Reflections on the UK Bribery Act (Part III)

The legacy of the Bribery Act: Beyond bribery and towards a wider 'failure to prevent' offence

10 min read

On 1 July 2021, it will have been ten years since the UK Bribery Act 2010 ("UKBA") came into force, and it is widely considered to have been a pioneering piece of legislation. In addition to having raised the standard for anti-bribery and corruption law globally, the UKBA has profoundly influenced the attitude of organisations to compliance. We explore the UKBA's successes, its shortcomings, and its legacy across a series of articles. This third and final article in the series considers the UKBA's "failure to prevent" offence and the pros and cons of extending this to cover a broader range of economic crimes.

When it came into force on 1 July 2011, the UKBA was welcomed as the strictest and most robust piece of anti-corruption legislation worldwide. One of its key features was to replace corporate liability for bribery under the identification doctrine with a broader "failure to prevent" ("FTP") offence. 

The Criminal Finances Act 2017 ("CFA") followed suit1, and there has since been a growing appetite within the UK Government and among stakeholders to introduce a wider corporate FTP offence covering a broader array of economic crimes, such as fraud, money laundering and false accounting. Lisa Osofsky, Director of the Serious Fraud Office ("SFO"), stated that the introduction of such an offence was at the top of her wish list for the SFO to improve its ability to fight economic crime,2 and that the UK needed to "level up" the current disparity between how we tackle bribery and other economic crimes.3


What's the problem with the current law?

The general rule for attributing liability to companies exists in the common law "identification doctrine", with exceptions for some strict liability and regulatory offences. Under this doctrine, a company can only be held criminally liable if the commission of an offence can be attributed to a person who has the "directing mind and will" of the company at the time the offence was committed.4 In practice, depending on a corporate's organisational structure, only a small number of senior managers and directors will have such "directing mind and will". 

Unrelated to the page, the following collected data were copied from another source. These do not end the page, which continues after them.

(* Let $p,q$ be odd primes with $q-p=2$, and let $D=D_1\cdots D_n$ with $D_1,\dots,D_n$ distinct primes, $2\nmid D$, $p\nmid D$, $q\nmid D$; put $\widehat{D_i}=D/D_i$. Let $E'=E'_{+}: y^2=x^3-2(p+q)Dx^2+4D^2x$ and $\widehat\varphi:E'\to E$ the dual $2$-isogeny onto $E=E_+: y^2=x(x+pD)(x+qD)$. For each $i$ put $$\Pi_i^{+}(D)'=\Big(1-\big(\tfrac{-p\widehat{D_i}}{D_i}\big)\Big)\Big(1-\big(\tfrac{-q\widehat{D_i}}{D_i}\big)\Big)+\sum_{j=1,\,j\ne i}^{n}\Big(1-\big(\tfrac{D_i}{D_j}\big)\Big)\Big(1-\big(\tfrac{pqD_i}{D_j}\big)\Big).$$ Let $Z(n)=\{1,\dots,n\}$ and $I=\{i\in Z(n): D_i\equiv 1\ (\mathrm{mod}\ 8)\}\cup\{i: (1+p\widehat{D_i})(1+q\widehat{D_i})\equiv 0\ (\mathrm{mod}\ 16)\}\cup\{i: D_i\equiv 3\ (\mathrm{mod}\ 8),\ p\equiv 1\ (\mathrm{mod}\ 4)\}\cup\{i: D_i\equiv 7\ (\mathrm{mod}\ 8),\ p\equiv 3\ (\mathrm{mod}\ 4)\}$, and $\rho^{+}(D)'=\sum_{i\in I}\Big[\frac{1}{1+\Pi_i^{+}(D)'}\Big]$. Then there exists a subset $T\subset\{D_1,\dots,D_n\}$ with $\#T=\rho^{+}(D)'$ such that $S^{(\widehat\varphi)}(E'/\mathbb{Q})\supset\langle T\bmod\mathbb{Q}^{\star2}\rangle\cong(\mathbb{Z}/2\mathbb{Z})^{\rho^{+}(D)'}$. In particular $\dim_2 S^{(\widehat\varphi)}(E'/\mathbb{Q})\ge\rho^{+}(D)'$.
   Context: $(\frac{\cdot}{\cdot})$ is the Legendre symbol and $[x]$ the greatest integer $\le x$. The dual isogeny is $\widehat\varphi(x,y)=(y^2/(4x^2),\ y(4D^2-x^2)/(8x^2))$. The $\widehat\varphi$-Selmer group is viewed as a subgroup of $\mathbb{Q}^\star/\mathbb{Q}^{\star2}$: with $S=\{\infty,2,p,q,D_1,\dots,D_n\}$ and $\mathbb{Q}(S,2)=\langle -1,2,p,q,D_1,\dots,D_n\rangle$, it equals the set of $d\in\mathbb{Q}(S,2)$ (squarefree integer representatives) such that $C'_d: dw^2=d^2+(p+q)Dd z^2+pqD^2z^4$ has a $\mathbb{Q}_v$-point for every $v\in S$. *)

From Stdlib Require Import ZArith List Reals Znumtheory.
Import ListNotations.
Open Scope Z_scope.

Definition is_sq_mod (a l : Z) : bool :=
  existsb (fun x => Z.eqb ((x * x - a) mod l) 0)
          (map Z.of_nat (seq 0 (Z.to_nat l))).

Definition legendre (a l : Z) : Z :=
  if Z.eqb (a mod l) 0 then 0 else if is_sq_mod a l then 1 else -1.

Definition zsum (l : list Z) : Z := fold_right Z.add 0 l.
Definition zprod (l : list Z) : Z := fold_right Z.mul 1 l.

(** D_i for index i in {0,...,n-1} (paper's D_{i+1}); D = D_1 ... D_n;
    hat D_i = D / D_i. *)
Definition Di (Ds : list Z) (i : nat) : Z := nth i Ds 1.
Definition Dprod (Ds : list Z) : Z := zprod Ds.
Definition Dhat (Ds : list Z) (i : nat) : Z := Dprod Ds / Di Ds i.

Definition Pi_plus (p q : Z) (Ds : list Z) (i : nat) : Z :=
  (1 - legendre (- p * Dhat Ds i) (Di Ds i)) *
  (1 - legendre (- q * Dhat Ds i) (Di Ds i)) +
  zsum (map (fun j => (1 - legendre (Di Ds i) (Di Ds j)) *
                      (1 - legendre (p * q * Di Ds i) (Di Ds j)))
            (filter (fun j => negb (Nat.eqb j i)) (seq 0 (length Ds)))).

Definition in_I (p q : Z) (Ds : list Z) (i : nat) : bool :=
  Z.eqb (Di Ds i mod 8) 1
  || Z.eqb (((1 + p * Dhat Ds i) * (1 + q * Dhat Ds i)) mod 16) 0
  || (Z.eqb (Di Ds i mod 8) 3 && Z.eqb (p mod 4) 1)
  || (Z.eqb (Di Ds i mod 8) 7 && Z.eqb (p mod 4) 3).

(** rho^+(D)' = sum_{i in I} [ 1 / (1 + Pi_i) ]  (floor; 1 + Pi_i >= 1). *)
Definition rho_plus (p q : Z) (Ds : list Z) : Z :=
  zsum (map (fun i => 1 / (1 + Pi_plus p q Ds i))
            (filter (in_I p q Ds) (seq 0 (length Ds)))).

This high threshold for the attribution of criminal conduct makes it notoriously difficult to prosecute large corporate entities with complex governance structures, where decision-making power is often exercised on a collective basis.  This was one of the criticisms of the current law noted in a recently published Discussion Paper, where the Law Commission noted that the identification doctrine does not reflect the real distribution of decision-making power in modern corporations.5

It is no secret that the sheer scale of economic crime in the UK and abroad remains considerable. The UK Security Minister has been quoted as stating in evidence before the Treasury Committee that £90 billion was "a conservative estimate" of the scale of money laundering in the UK annually.6 Despite this, the Law Commission has noted that in comparison to other common law jurisdictions, England & Wales has the most restrictive basis for attribution of corporate criminal liability, as only faults attributable to the board and, in limited circumstances, senior managers, give rise to corporate liability.7


Arguments for extending the FTP offence as the way forward

More attractive than vicarious liability 

Before the increase in support for an FTP model, successive directors of the SFO supported the adoption of a US-style vicarious liability corporate offence to replace the identification doctrine.8 Under U.S. law, an organisation is responsible for its agents' and employees' actions carried out in the course and scope of their employment, such that companies can be held criminally liable even where they have robust compliance policies in place. 

However, the UK FTP offences centre instead on a failure to prevent "associated persons" from committing bribery or the facilitation of tax evasion on a corporate's behalf.  The availability of the "adequate procedures" defence under the UKBA and "reasonable procedures" defence under the CFA softens the harshness of such offences as they  ensure that a corporate with appropriate procedures in place does not commit an offence because of a few rogue employees.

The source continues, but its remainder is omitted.